Rapid antigen tests help detect the presence of SARS-CoV-2 rapidly and easily. In most cases, they use the viral nucleocapsid (N) antigen, which is present in abundance in viral particles as well as in infected individuals. The N protein is key to the viral life cycle, including viral replication and packaging. It has an RNA binding domain (N-RBD) and a dimerization domain (N-DD), around which there are three disordered regions.

Antibodies bind to epitopes, specific antigen regions that have a complementary structure to the binding domain of the antibody. Epitope mapping is a field that uses multiple techniques, such as structure determination, mass spectrometry, or site-directed mutagenesis, to help identify the escape mutation sites on the antigen. However, none of the methods used at present can directly measure the effect of a given mutation on antibody binding.

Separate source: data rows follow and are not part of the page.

Lemma min_over_scale {T} (t : nnR) (nu : T -> ER) L :
  ER_le (ER_scale t (min_over nu L)) (min_over (fun x => ER_scale t (nu x)) L).
Proof.
  induction L as [|z L IH]; [apply ER_le_inf|]; rewrite !min_over_cons.
  apply ER_le_min.
  - apply ER_scale_mono; apply ER_min_le_l.
  - eapply ER_le_trans; [|exact IH]. apply ER_scale_mono; apply ER_min_le_r.
Qed.

Lemma ER_lub_scale {I : Type} (g : I -> ER) s t :
  is_lub ER_le g s -> is_lub ER_le (fun i => ER_scale t (g i)) (ER_scale t s).
Proof.
  intros [Hub Hl]; split.
  - intros i; apply ER_scale_mono; auto.
  - intros u Hu. destruct (Req_EM_T (nnval t) 0) as [E|E].
    + rewrite ER_scale_0 by auto. dER u; er_unf; auto; lra.
    + assert (tp : 0 < nnval t) by (pose proof (nn_nonneg t); lra).
      dER u; [|apply ER_le_inf].
      assert (Hq : r / nnval t * nnval t = r) by (field; lra).
      assert (Hq0 : 0 <= r / nnval t) by (apply Rdiv_nonneg; lra).
      assert (Hs : ER_le s (ERfin (nn_of (r / nnval t)))).
      { apply Hl. intros i. specialize (Hu i). destruct t as [t ht]. simpl in *.
        dER (g i); er_unf; [|destruct Req_EM_T; simpl in *; [lra|tauto]].
        rewrite Rmax0 by auto. nra. }
      destruct t as [t ht]; simpl in *. dER s; er_unf; [|tauto].
      rewrite Rmax0 in Hs by auto. nra.
Qed.

Lemma ER_lub_add {I : Type} (g h : I -> ER) a b :
  (forall i j, exists k, ER_le (g i) (g k) /\ ER_le (h j) (h k)) ->
  is_lub ER_le g a -> is_lub ER_le h b ->
  is_lub ER_le (fun i => ER_add (g i) (h i)) (ER_add a b).
Proof.
  intros Hd [Hga Hgl] [Hha Hhl]; split.
  - intros i; apply ER_add_mono; auto.
  - intros u Hu. dER u; [|apply ER_le_inf].
    assert (Hij : forall i j, ER_le (ER_add (g i) (h j)) (ERfin (exist _ r h0))).
    { intros i j. destruct (Hd i j) as [k [H1 H2]]. eapply ER_le_trans; [|apply (Hu k)].
      apply ER_add_mono; auto. }
    destruct (classic (inhabited I)) as [[j0]|NI].
    + assert (Ha : forall j, ER_le (ER_add a (h j)) (ERfin (exist _ r h0))).
      { intros j. specialize (Hij j j) as Hjj.
        destruct (h j) as [[v hv]|] eqn:Ehj; [|rewrite ER_add_inf_r in Hjj; simpl in Hjj; tauto].
        assert (ER_le a (ERfin (nn_of (r - v)))).
        { apply Hgl. intros i. specialize (Hij i j). rewrite Ehj in Hij.
          dER (g i); er_unf; [|tauto]. rewrite Rmax0; lra. }
        assert (v <= r) by (dER (g j); er_unf; [lra|tauto]).
        dER a; er_unf; [|tauto]. rewrite Rmax0 in H by lra. lra. }
      specialize (Ha j0) as Ha0. dER a; [|simpl in Ha0; tauto].
      assert (ER_le b (ERfin (nn_of (r - r0)))).
      { apply Hhl. intros j. specialize (Ha j). dER (h j); er_unf; [|tauto].
        rewrite Rmax0; lra. }
      assert (r0 <= r) by (specialize (Ha j0); dER (h j0); er_unf; [lra|tauto]).
      dER b; er_unf; [|tauto]. rewrite Rmax0 in H by lra. lra.
    + assert (ER_le a (ERfin nn0)) by (apply Hgl; intros i; exfalso; apply NI; constructor; auto).
      assert (ER_le b (ERfin nn0)) by (apply Hhl; intros i; exfalso; apply NI; constructor; auto).
      dER a; dER b; er_unf; try tauto. lra.
Qed.

Section DualCone.
Variable C : DCone.

Definition fadd (nu nu' : C -> ER) : C -> ER := fun x => ER_add (nu x) (nu' x).
Definition fscale (t : nnR) (nu : C -> ER) : C -> ER := fun x => ER_scale t (nu x).

Lemma in_dual_scale t nu : in_dual C nu -> in_dual C (fscale t nu).
Proof.
  intros [[Ha Hs] [Hm Hl]]; unfold fscale; split; [split|split].
  - intros x y; rewrite Ha; apply ER_scale_add.
  - intros r x; rewrite Hs; apply ER_scale_comm.
  - intros a a' H; apply ER_scale_mono; auto.
  - intros I f s Hd Hlub. apply ER_lub_scale, (Hl I f s Hd Hlub).
Qed.

Lemma in_dual_add nu nu' : in_dual C nu -> in_dual C nu' -> in_dual C (fadd nu nu').
Proof.
  intros [[Ha Hs] [Hm Hl]] [[Ha' Hs'] [Hm' Hl']]; unfold fadd; split; [split|split].
  - intros x y; rewrite Ha, Ha', !ER_add_assoc. f_equal.
    rewrite <- !ER_add_assoc. f_equal. apply ER_add_comm.
  - intros r x; rewrite Hs, Hs'; symmetry; apply ER_scale_add.
  - intros a a' H; apply ER_add_mono; auto.
  - intros I f s Hd Hlub. apply ER_lub_add.
    + intros i j. destruct (proj2 Hd i j) as [k [H1 H2]]. exists k; split; auto.
    + apply (Hl I f s Hd Hlub).
    + apply (Hl' I f s Hd Hlub).
Qed.

Lemma in_dual_mono nu x y : in_dual C nu -> dle C x y -> ER_le (nu x) (nu y).
Proof. intros [_ [Hm _]] H; auto. Qed.

Lemma in_dual_zero nu : in_dual C nu -> nu (czero C) = ERfin nn0.
Proof.
  intros [[_ Hs] _]. rewrite <- (csmul_0 C (czero C)), Hs. apply ER_scale_0. reflexivity.
Qed.

Lemma dle_zero (y : C) : dle C (czero C) y.
Proof.
  destruct (dsmul_scott C) as [Hm _].
  specialize (Hm (nn0, y) (nn1, y)). simpl in Hm.
  rewrite csmul_0, csmul_1 in Hm. apply Hm. split; simpl; [|apply dle_refl].
  unfold nn_le, nn0, nn1; simpl; lra.
Qed.

Lemma dadd_mono (x x' y y' : C) :
  dle C x x' -> dle C y y' -> dle C (cadd C x y) (cadd C x' y').
Proof. intros; apply (proj1 (dadd_scott C) (x, y) (x', y')). split; auto. Qed.

Lemma dle_addr (x y : C) : dle C x (cadd C x y).
Proof.
  pose proof (dadd_mono _ _ _ _ (dle_refl C x) (dle_zero y)) as H.
  rewrite (cadd_comm _ x (czero C)), cadd_0 in H; auto.
Qed.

Many researchers are turning to deep mutational scanning (DMS), a method that examines most or all the mutations in a protein via a library of mutants or unique sequences. These sequences can be simultaneously screened using in vitro selection techniques to enrich the relevant mutations.

When used alongside cell surface display methods, DMS has helped study SARS-CoV-2 spike protein interactions with the host angiotensin-converting enzyme 2 (ACE2) receptor and the key mutations that disrupt spike-antibody binding at the spike RBD.

In the current study, mammalian cells are used for the surface display of the N protein to achieve the direct quantitative antibody binding assay. Combing this with DMS using a library of all possible amino acid substitutions along the full length of the N protein, the researchers were able to perform a complete assay of the effects of all possible mutations on antigen binding to 17 diagnostic antibodies currently used to test for this virus.  

The result is a full picture of the escape mutations possible for each antibody, scored for escape potential at each region. The scores show how abundant the given mutation is in the group of cells expressing escape mutations. Thus, it shows how much effect each mutation has on antibody binding.

The scores thus help identify both the epitopes and the susceptibility of the diagnostic antibody to mutations in or near the epitope. The data helps understand how each mutation at these sites affects antibody recognition. In this way, the antibody binding strength over the whole of the N mutational sequence library was measured, accounting for every possible point mutation.

What did the study show?

As expected, most mutations do not reduce antibody binding, this effect being confined to a small set of mutations at well-defined sites. This includes epitopes bound by antibodies like R040, C706, and 3C3. With the first, any mutation at three distinct positions causes reduced binding, but only changes in charged or polar amino acids at another position produce this effect.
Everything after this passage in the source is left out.